(* Let $\Delta$ be a finite, flag, simply connected simplicial complex, and let $H_\Delta$, $q$, $T$, $p_n$, $p$ and $\theta$ be as described in the context. For all $e\in\mathrm{Edge}(\Delta)$ and $n\in\mathbb{Z}$ the following equalities hold in $H_\Delta$: (i) $\theta(e)=p(q,\iota e)\,e\,p(q,\iota e)^{-1}=p(q,\iota e)\,e^2\,p(\tau e,q)=p(q,\iota e)\,e^2\,p(q,\tau e)^{-1}$; (ii) $\theta(e^n)=p(q,\iota e)\,e^n\,p(\iota e,q)=p(q,\iota e)\,e^{n+1}\,p(\tau e,q)=p(q,\iota e)\,e^{n+1}\,p(q,\tau e)^{-1}$; (iii) if $e_1\cdot\ldots\cdot e_l$ is a combinatorial path then $\theta(e_1^n\cdots e_l^n)=p(q,\iota e_1)\,e_1^{n+1}\cdots e_l^{n+1}\,p(\tau e_l,q)$; (iv) $\theta^{-1}(e)=p_{-1}(q,\iota e)\,p_{-1}(\tau e,q)=p_{-1}(q,\iota e)\,e\,p_{-1}(\iota e,q)=p_{-1}(q,\iota e)\,e\,p_{-1}(q,\iota e)^{-1}$; (v) $\theta^{-1}(e^n)=p_{-1}(q,\iota e)\,e^n\,p_{-1}(\iota e,q)=p_{-1}(q,\iota e)\,e^{n-1}\,p_{-1}(\tau e,q)=p_{-1}(q,\iota e)\,e^{n-1}\,p_{-1}(q,\tau e)^{-1}$; (vi) if $e_1\cdot\ldots\cdot e_l$ is a combinatorial path then $\theta^{-1}(e_1^n\cdots e_l^n)=p_{-1}(q,\iota e_1)\,e_1^{n-1}\cdots e_l^{n-1}\,p_{-1}(\tau e_l,q)$; (vii) for all $k\in\mathbb{Z}$, $\theta^k(e)=p_k(q,\iota e)\,e^{k+1}\,p_k(\tau e,q)$.
   Context: $\mathrm{Edge}(\Delta)$ is the set of directed edges of $\Delta$ (each 1-simplex gives two); for $e\in\mathrm{Edge}(\Delta)$, $\iota e$ and $\tau e$ are its initial and terminal vertices and $\overline{e}$ is $e$ with reversed orientation. Directed edges $e_1,\dots,e_l$ form a combinatorial path $e_1\cdot\ldots\cdot e_l$ if $\tau e_i=\iota e_{i+1}$ for all $i$, and a combinatorial 1-cycle if moreover $\tau e_l=\iota e_1$. The Bestvina–Brady group $H_\Delta$ (kernel of the map from the right-angled Artin group of $\Delta$ to $\mathbb{Z}$ sending every standard generator to a fixed generator) is presented by $\mathcal{P}_H=\langle \mathrm{Edge}(\Delta)\mid \mathcal{R}_H\rangle$, where $\mathcal{R}_H$ consists of the words $e\overline{e}$ for $e\in\mathrm{Edge}(\Delta)$ and the words $efg$ and $e^{-1}f^{-1}g^{-1}$ for every combinatorial 1-cycle $e\cdot f\cdot g$. Fix a vertex $q$ and a spanning tree $T$ of the 1-skeleton of $\Delta$. For $n\in\mathbb{Z}$ and vertices $u,v$, $p_n(u,v)$ denotes $e_1^n\cdots e_l^n$ where $e_1\cdot\ldots\cdot e_l$ is the unique geodesic combinatorial path in $T$ from $u$ to $v$, and $p(u,v)=p_1(u,v)$. For $e\in\mathrm{Edge}(\Delta)$ let $w_e=p(q,\iota e)\,e\,p(\iota e,q)$; it is known that $e\mapsto w_e$ defines an automorphism $\theta$ of $H_\Delta$. *)

From mathcomp Require Import all_boot all_order all_algebra.
Set Implicit Arguments. Unset Strict Implicit. Unset Printing Implicit Defensive.
Import GRing.Theory.
(* Let $Q$ be a topological $k$-quandle and let $L^1_C$ and $L^2_{C'}$ be $k$-colored links. Then $\hat{J}_Q(L^1_C\amalg L^2_{C'})$ is homeomorphic to $\hat{J}_Q(L^1_C)\times\hat{J}_Q(L^2_{C'})$, where $L^1_C\amalg L^2_{C'}$ denotes the disjoint (split) sum of the two colored links.
   Context: A quandle is a set with a binary operation $\triangleright$ such that $x\triangleright x=x$, each right translation $x\mapsto x\triangleright y$ is a bijection (inverse written $x\mapsto x\triangleright^{-1}y$), and $(x\triangleright y)\triangleright z=(x\triangleright z)\triangleright(y\triangleright z)$. A $k$-quandle is a set with operations $\triangleright_1,\dots,\triangleright_k$, each making it a quandle, with $(x\triangleright_i y)\triangleright_j z=(x\triangleright_j z)\triangleright_i(y\triangleright_j z)$ for all $i,j,x,y,z$. A topological $k$-quandle is a $k$-quandle with a topology making all $\triangleright_i,\triangleright_i^{-1}:Q\times Q\to Q$ continuous. A $k$-colored link is an oriented link whose components are each labeled by one of the colors $1,\dots,k$, considered up to orientation- and color-preserving ambient isotopy. A $k$-colored $n$-braid ${}^v_w\sigma$ is an $n$-strand braid (oriented top to bottom) with colored strands, $v$ and $w$ being the color tuples at the top and bottom ends read left to right; the closure of ${}^v_v\sigma$ joins each top end to the bottom end in the same position and is a $k$-colored link, and every $k$-colored link arises this way. For $v$ and $w$ differing by a swap of entries $i,i+1$, the elementary colored braid ${}^v_w\sigma_i$ induces the homeomorphism $Q^n\to Q^n$, $x\mapsto x'$ with $x'_j=x_j$ for $j\ne i,i+1$, $x'_i=x_{i+1}$, $x'_{i+1}=x_i\triangleright_{v_{i+1}}x_{i+1}$; ${}^w_v\sigma_i^{-1}$ induces its inverse; a product ${}^{v^1}_{v^2}\sigma_{i_1}^{\pm}\cdots{}^{v^m}_{v^{m+1}}\sigma_{i_m}^{\pm}$ induces the composite ${}^{v^m}_{v^{m+1}}\sigma_{i_m}^{\pm}\circ\cdots\circ{}^{v^1}_{v^2}\sigma_{i_1}^{\pm}$. For $L_C=\overline{{}^v_v\sigma}$, $\hat{J}_Q(L_C)\subseteq Q^n$ is the space of fixed points of the map ${}^v_v\sigma:Q^n\to Q^n$ (with subspace topology); up to homeomorphism it depends only on the colored link $L_C$. *)

From HB Require Import structures.
From mathcomp Require Import all_boot all_order all_algebra.
From mathcomp Require Import all_classical all_reals all_analysis.
Set Implicit Arguments. Unset Strict Implicit. Unset Printing Implicit Defensive.
Local Open Scope classical_set_scope.

(* op i x y = x |>_i y,  opinv i x y = x |>_i^{-1} y  (colors 0..k-1). *)
Definition is_top_kquandle (k : nat) (Q : topologicalType)
  (op opinv : 'I_k -> Q -> Q -> Q) : Prop :=
  (forall i x, op i x x = x) /\
  (forall i y, cancel (fun x => op i x y) (fun x => opinv i x y)) /\
  (forall i y, cancel (fun x => opinv i x y) (fun x => op i x y)) /\
  (forall i j x y z, op j (op i x y) z = op i (op j x z) (op j y z)) /\
  (forall i, continuous (fun p : Q * Q => op i p.1 p.2)) /\
  (forall i, continuous (fun p : Q * Q => opinv i p.1 p.2)).

Definition homeomorphic (X Y : topologicalType) (A : set X) (B : set Y) : Prop :=
  exists (f : X -> Y) (g : Y -> X),
    (forall x, A x -> B (f x)) /\ (forall y, B y -> A (g y)) /\
    (forall x, A x -> g (f x) = x) /\ (forall y, B y -> f (g y) = y) /\
    {within A, continuous f} /\ {within B, continuous g}.

(* A colored n-braid word: top colors c : 'I_n -> 'I_k and a list of letters
   (i, true) = sigma_i, (i, false) = sigma_i^{-1}, with 0-based strand index i
   acting on positions i and i+1 (so i.+1 < n is required). *)
Definition swapn (i j : nat) : nat :=
  if j == i then i.+1 else if j == i.+1 then i else j.

Definition cswap (k n : nat) (i : nat) (c : 'I_n -> 'I_k) : 'I_n -> 'I_k :=
  fun j => c (insubd j (swapn i j)).

Definition valid_word (n : nat) (w : seq (nat * bool)) : bool :=
  all (fun p => p.1.+1 < n) w.

Fixpoint final_colors (k n : nat) (c : 'I_n -> 'I_k) (w : seq (nat * bool))
  : 'I_n -> 'I_k :=
  if w is p :: w' then final_colors (cswap p.1 c) w' else c.

Section BraidMap.
Variables (k : nat) (Q : Type) (op opinv : 'I_k -> Q -> Q -> Q).

Definition gen_map (n : nat) (c : 'I_n -> 'I_k) (i : nat) (b : bool)
  (x : 'I_n -> Q) : 'I_n -> Q :=
  fun j =>
    let at_ m := x (insubd j m) in
    let col m := c (insubd j m) in
    if b then
      (* sigma_i: x'_i = x_{i+1}, x'_{i+1} = x_i |>_{c_{i+1}} x_{i+1} *)
      (if val j == i then at_ i.+1
       else if val j == i.+1 then op (col i.+1) (at_ i) (at_ i.+1)
       else x j)
    else
      (* sigma_i^{-1} with top colors c: inverse of sigma_i with top colors
         cswap i c: x'_i = x_{i+1} |>^{-1}_{c_i} x_i, x'_{i+1} = x_i *)
      (if val j == i then opinv (col i) (at_ i.+1) (at_ i)
       else if val j == i.+1 then at_ i
       else x j).

Fixpoint braid_map (n : nat) (c : 'I_n -> 'I_k) (w : seq (nat * bool))
  (x : 'I_n -> Q) : 'I_n -> Q :=
  if w is p :: w' then braid_map (cswap p.1 c) w' (gen_map c p.1 p.2 x) else x.
End BraidMap.

(* J-hat_Q of the closure of the colored braid (c, w): fixed points of the
   induced map on Q^n (product topology), as a subset of Q^n. *)
Definition Jhat (k : nat) (Q : topologicalType) (op opinv : 'I_k -> Q -> Q -> Q)
  (n : nat) (c : 'I_n -> 'I_k) (w : seq (nat * bool)) : set {ptws 'I_n -> Q} :=
  [set x : {ptws 'I_n -> Q} | braid_map op opinv c w x = x].

(* ---------- juxtaposition of colored braids (closure = split sum) ---------- *)
Definition cat_colors (k n m : nat) (c1 : 'I_n -> 'I_k) (c2 : 'I_m -> 'I_k)
  : 'I_(n + m) -> 'I_k :=
  fun j => match fintype.split j with inl a => c1 a | inr b => c2 b end.

Definition cat_words (n : nat) (w1 w2 : seq (nat * bool)) : seq (nat * bool) :=
  w1 ++ map (fun p => (p.1 + n, p.2)) w2.

From HB Require Import structures.
From mathcomp Require Import all_boot all_order all_algebra.
From mathcomp Require Import all_classical all_reals all_analysis.
From mathcomp Require Import zify.
Set Implicit Arguments. Unset Strict Implicit. Unset Printing Implicit Defensive.
Local Open Scope classical_set_scope.

(* Place the braid of L^2 to the right of the braid of L^1.  Every letter of
   the juxtaposed word acts on strands of one block only and leaves the other
   block untouched, so the induced map on Q^(n+m) = Q^n * Q^m is the product
   of the two induced maps; its fixed points are therefore the pairs of fixed
   points, and cutting a point of Q^(n+m) into its two blocks is a
   homeomorphism of product spaces. *)

Section Blocks.
Variables (T : Type) (n m : nat).

Definition lpart (x : 'I_(n + m) -> T) : 'I_n -> T := fun a => x (lshift m a).
Definition rpart (x : 'I_(n + m) -> T) : 'I_m -> T := fun b => x (rshift n b).
Definition cat_fun (y : 'I_n -> T) (z : 'I_m -> T) : 'I_(n + m) -> T :=
  fun j => match fintype.split j with inl a => y a | inr b => z b end.

Lemma lpart_cat y z : lpart (cat_fun y z) = y.
Proof. by apply: funext => a; rewrite /lpart /cat_fun (unsplitK (inl a)). Qed.

Lemma rpart_cat y z : rpart (cat_fun y z) = z.
Proof. by apply: funext => b; rewrite /rpart /cat_fun (unsplitK (inr b)). Qed.

Lemma cat_fun_parts x : cat_fun (lpart x) (rpart x) = x.
Proof. by apply: funext => j; rewrite /cat_fun -[in RHS](splitK j); case: (fintype.split j). Qed.

Lemma eq_parts x y : lpart x = lpart y -> rpart x = rpart y -> x = y.
Proof. by move=> eql eqr; rewrite -(cat_fun_parts x) -(cat_fun_parts y) eql eqr. Qed.

End Blocks.

Lemma insubd_lshift n m (a : 'I_n) t :
  t < n -> insubd (lshift m a) t = lshift m (insubd a t).
Proof.
move=> tn; apply: val_inj; rewrite /= !val_insubd tn.
by have -> : t < n + m by lia.
Qed.

Lemma insubd_rshift n m (b : 'I_m) t :
  t < m -> insubd (rshift n b) (n + t) = rshift n (insubd b t).
Proof.
move=> tm; apply: val_inj; rewrite /= !val_insubd tm.
by have -> : n + t < n + m by lia.
Qed.

Lemma swapn_lt i n j : i.+1 < n -> j < n -> swapn i j < n.
Proof. by rewrite /swapn; case: eqP => [->|_]; [|case: eqP => [->|_]]; lia. Qed.

Lemma swapnD i n j : swapn (i + n) (n + j) = n + swapn i j.
Proof.
rewrite /swapn -addSn !(addnC _ n) !eqn_add2l.
by case: eqP => //; case: eqP.
Qed.

Section Letters.
Variables (k : nat) (Q : Type) (op opinv : 'I_k -> Q -> Q -> Q).
Implicit Types (i : nat) (b : bool).

Lemma cswap_out N (c : 'I_N -> 'I_k) i (j : 'I_N) :
  val j != i -> val j != i.+1 -> cswap i c j = c j.
Proof. by move=> /negPf ji /negPf jSi; rewrite /cswap /swapn ji jSi valKd. Qed.

Lemma gen_map_out N (c : 'I_N -> 'I_k) i b x (j : 'I_N) :
  val j != i -> val j != i.+1 -> gen_map op opinv c i b x j = x j.
Proof. by move=> /negPf ji /negPf jSi; rewrite /gen_map ji jSi; case: b. Qed.

Variables (n m : nat).
Implicit Types (C : 'I_(n + m) -> 'I_k) (x : 'I_(n + m) -> Q).

Lemma lpart_cswap_low C i : i.+1 < n -> lpart (cswap i C) = cswap i (lpart C).
Proof.
move=> iSn; apply: funext => a; rewrite /lpart /cswap /=.
by rewrite insubd_lshift // swapn_lt.
Qed.

Lemma rpart_cswap_low C i : i.+1 < n -> rpart (cswap i C) = rpart C.
Proof. by move=> iSn; apply: funext => b; rewrite /rpart cswap_out //=; lia. Qed.

Lemma rpart_cswap_high C i : i.+1 < m -> rpart (cswap (i + n) C) = cswap i (rpart C).
Proof.
move=> iSm; apply: funext => b; rewrite /rpart /cswap /= swapnD.
by rewrite insubd_rshift // swapn_lt.
Qed.

Lemma lpart_gen_map_low C i b x : i.+1 < n ->
  lpart (gen_map op opinv C i b x) = gen_map op opinv (lpart C) i b (lpart x).
Proof.
move=> iSn; apply: funext => a; rewrite /lpart /gen_map /=.
by rewrite !insubd_lshift //; lia.
Qed.

Lemma rpart_gen_map_low C i b x : i.+1 < n -> rpart (gen_map op opinv C i b x) = rpart x.
Proof. by move=> iSn; apply: funext => a; rewrite /rpart gen_map_out //=; lia. Qed.

Lemma lpart_gen_map_high C i b x : i.+1 < m ->
  lpart (gen_map op opinv C (i + n) b x) = lpart x.
Proof.
move=> iSm; apply: funext => a; have an := ltn_ord a.
by rewrite /lpart gen_map_out //=; lia.
Qed.

Lemma rpart_gen_map_high C i b x : i.+1 < m ->
  rpart (gen_map op opinv C (i + n) b x) = gen_map op opinv (rpart C) i b (rpart x).
Proof.
move=> iSm; apply: funext => a; rewrite /rpart /gen_map /=.
by rewrite -addSn !(addnC _ n) !eqn_add2l !insubd_rshift //; lia.
Qed.

End Letters.

Definition shift_word (n : nat) (w : seq (nat * bool)) : seq (nat * bool) :=
  map (fun p => (p.1 + n, p.2)) w.

Section Braids.
Variables (k : nat) (Q : Type) (op opinv : 'I_k -> Q -> Q -> Q).
Local Notation braid := (braid_map op opinv).

Lemma braid_map_cat N (c : 'I_N -> 'I_k) w1 w2 x :
  braid c (w1 ++ w2) x = braid (final_colors c w1) w2 (braid c w1 x).
Proof. by elim: w1 c x => /=. Qed.

Variables (n m : nat).
Implicit Types (C : 'I_(n + m) -> 'I_k) (x : 'I_(n + m) -> Q).

Lemma lpart_braid_map_low C w x : valid_word n w ->
  lpart (braid C w x) = braid (lpart C) w (lpart x).
Proof.
elim: w C x => [|[i b] w IHw] C x //= /andP[/= iSn vw].
by rewrite IHw // lpart_cswap_low // lpart_gen_map_low.
Qed.

Lemma rpart_braid_map_low C w x : valid_word n w -> rpart (braid C w x) = rpart x.
Proof.
elim: w C x => [|[i b] w IHw] C x //= /andP[/= iSn vw].
by rewrite IHw // rpart_gen_map_low.
Qed.

Lemma rpart_final_colors_low C w : valid_word n w -> rpart (final_colors C w) = rpart C.
Proof.
elim: w C => [|[i b] w IHw] C //= /andP[/= iSn vw].
by rewrite IHw // rpart_cswap_low.
Qed.

Lemma lpart_braid_map_shift C w x : valid_word m w ->
  lpart (braid C (shift_word n w) x) = lpart x.
Proof.
elim: w C x => [|[i b] w IHw] C x //= /andP[/= iSm vw].
by rewrite IHw // lpart_gen_map_high.
Qed.

Lemma rpart_braid_map_shift C w x : valid_word m w ->
  rpart (braid C (shift_word n w) x) = braid (rpart C) w (rpart x).
Proof.
elim: w C x => [|[i b] w IHw] C x //= /andP[/= iSm vw].
by rewrite IHw // rpart_cswap_high // rpart_gen_map_high.
Qed.

Lemma braid_map_cat_words c1 c2 w1 w2 x : valid_word n w1 -> valid_word m w2 ->
  braid (cat_colors c1 c2) (cat_words n w1 w2) x =
  cat_fun (braid c1 w1 (lpart x)) (braid c2 w2 (rpart x)).
Proof.
move=> vw1 vw2; rewrite /cat_words -/(shift_word n w2) braid_map_cat.
apply: eq_parts; rewrite ?lpart_cat ?rpart_cat.
- by rewrite lpart_braid_map_shift // lpart_braid_map_low // lpart_cat.
- rewrite rpart_braid_map_shift // rpart_final_colors_low //.
  by rewrite rpart_braid_map_low // rpart_cat.
Qed.

End Braids.

Lemma Jhat_cat_words k (Q : topologicalType) (op opinv : 'I_k -> Q -> Q -> Q)
    n m (c1 : 'I_n -> 'I_k) (c2 : 'I_m -> 'I_k) w1 w2 (x : {ptws 'I_(n + m) -> Q}) :
  valid_word n w1 -> valid_word m w2 ->
  Jhat op opinv (cat_colors c1 c2) (cat_words n w1 w2) x <->
  Jhat op opinv c1 w1 (lpart x) /\ Jhat op opinv c2 w2 (rpart x).
Proof.
move=> vw1 vw2; rewrite /Jhat /= braid_map_cat_words //.
split=> [fixed|[-> ->]]; last exact: cat_fun_parts.
by split; rewrite -[in RHS]fixed ?lpart_cat ?rpart_cat.
Qed.

Lemma continuous_ptws (X : topologicalType) (I : Type) (Q : topologicalType)
    (f : X -> {ptws I -> Q}) :
  (forall i, continuous (fun x => f x i)) -> continuous f.
Proof.
move=> fi_cont x; apply/cvg_sup => i.
rewrite cvg_image; last by rewrite eqEsubset; split=> v // _; exists (fun=> v).
apply: cvg_trans (fi_cont i x) => W /= nbhsW.
exists ((fun g : {ptws I -> Q} => g i) @^-1` W) => //.
by rewrite eqEsubset; split => [_ [g + <-]//|v Wv]; exists (fun=> v).
Qed.

Section PointwiseBlocks.
Variables (Q : topologicalType) (n m : nat).

Lemma lpart_continuous :
  continuous (fun x : {ptws 'I_(n + m) -> Q} => (lpart x : {ptws 'I_n -> Q})).
Proof. by apply: continuous_ptws => a; exact: proj_continuous. Qed.

Lemma rpart_continuous :
  continuous (fun x : {ptws 'I_(n + m) -> Q} => (rpart x : {ptws 'I_m -> Q})).
Proof. by apply: continuous_ptws => b; exact: proj_continuous. Qed.

Lemma cat_fun_continuous :
  continuous (fun p : {ptws 'I_n -> Q} * {ptws 'I_m -> Q} =>
                (cat_fun p.1 p.2 : {ptws 'I_(n + m) -> Q})).
Proof.
apply: continuous_ptws => j; rewrite /cat_fun; case: (fintype.split j) => [a|b].
- move=> p; apply: (@continuous_comp _ _ _ fst (fun y : {ptws 'I_n -> Q} => y a)).
    exact: cvg_fst.
  exact: proj_continuous.
- move=> p; apply: (@continuous_comp _ _ _ snd (fun z : {ptws 'I_m -> Q} => z b)).
    exact: cvg_snd.
  exact: proj_continuous.
Qed.

Lemma homeomorphic_parts (A : set {ptws 'I_(n + m) -> Q})
    (B1 : set {ptws 'I_n -> Q}) (B2 : set {ptws 'I_m -> Q}) :
  (forall x, A x <-> B1 (lpart x) /\ B2 (rpart x)) -> homeomorphic A (B1 `*` B2).
Proof.
move=> AE.
exists (fun x => ((lpart x : {ptws 'I_n -> Q}), (rpart x : {ptws 'I_m -> Q}))).
exists (fun p => cat_fun p.1 p.2).
split; [by move=> x /AE|split; [|split; [|split; [|split]]]].
- by move=> [y z] /= [B1y B2z]; apply/AE; rewrite lpart_cat rpart_cat.
- by move=> x _; exact: cat_fun_parts.
- by move=> [y z] _; rewrite lpart_cat rpart_cat.
- apply: continuous_subspaceT => x.
  exact: (cvg_pair (@lpart_continuous x) (@rpart_continuous x)).
- exact/continuous_subspaceT/cat_fun_continuous.
Qed.

End PointwiseBlocks.

Theorem mainTheorem7 (k : nat) (Q : topologicalType)
  (op opinv : 'I_k -> Q -> Q -> Q) (HQ : is_top_kquandle op opinv)
  (n m : nat) (c1 : 'I_n -> 'I_k) (w1 : seq (nat * bool))
  (c2 : 'I_m -> 'I_k) (w2 : seq (nat * bool)) :
  valid_word n w1 -> final_colors c1 w1 = c1 ->
  valid_word m w2 -> final_colors c2 w2 = c2 ->
  homeomorphic
    (Jhat op opinv (cat_colors c1 c2) (cat_words n w1 w2))
    (Jhat op opinv c1 w1 `*` Jhat op opinv c2 w2).
Proof.
move=> vw1 _ vw2 _; apply: homeomorphic_parts => x.
exact: Jhat_cat_words.
Qed.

> _Task to carry out_
Reproduce the lines of the entries above from the one with "by case: eqP => //; case: eqP." to the one with "Lemma cswap_out N", both included, exactly and without any other line.

> _Solution_
by case: eqP => //; case: eqP.
Qed.

Section Letters.
Variables (k : nat) (Q : Type) (op opinv : 'I_k -> Q -> Q -> Q).
Implicit Types (i : nat) (b : bool).

Lemma cswap_out N (c : 'I_N -> 'I_k) i (j : 'I_N) :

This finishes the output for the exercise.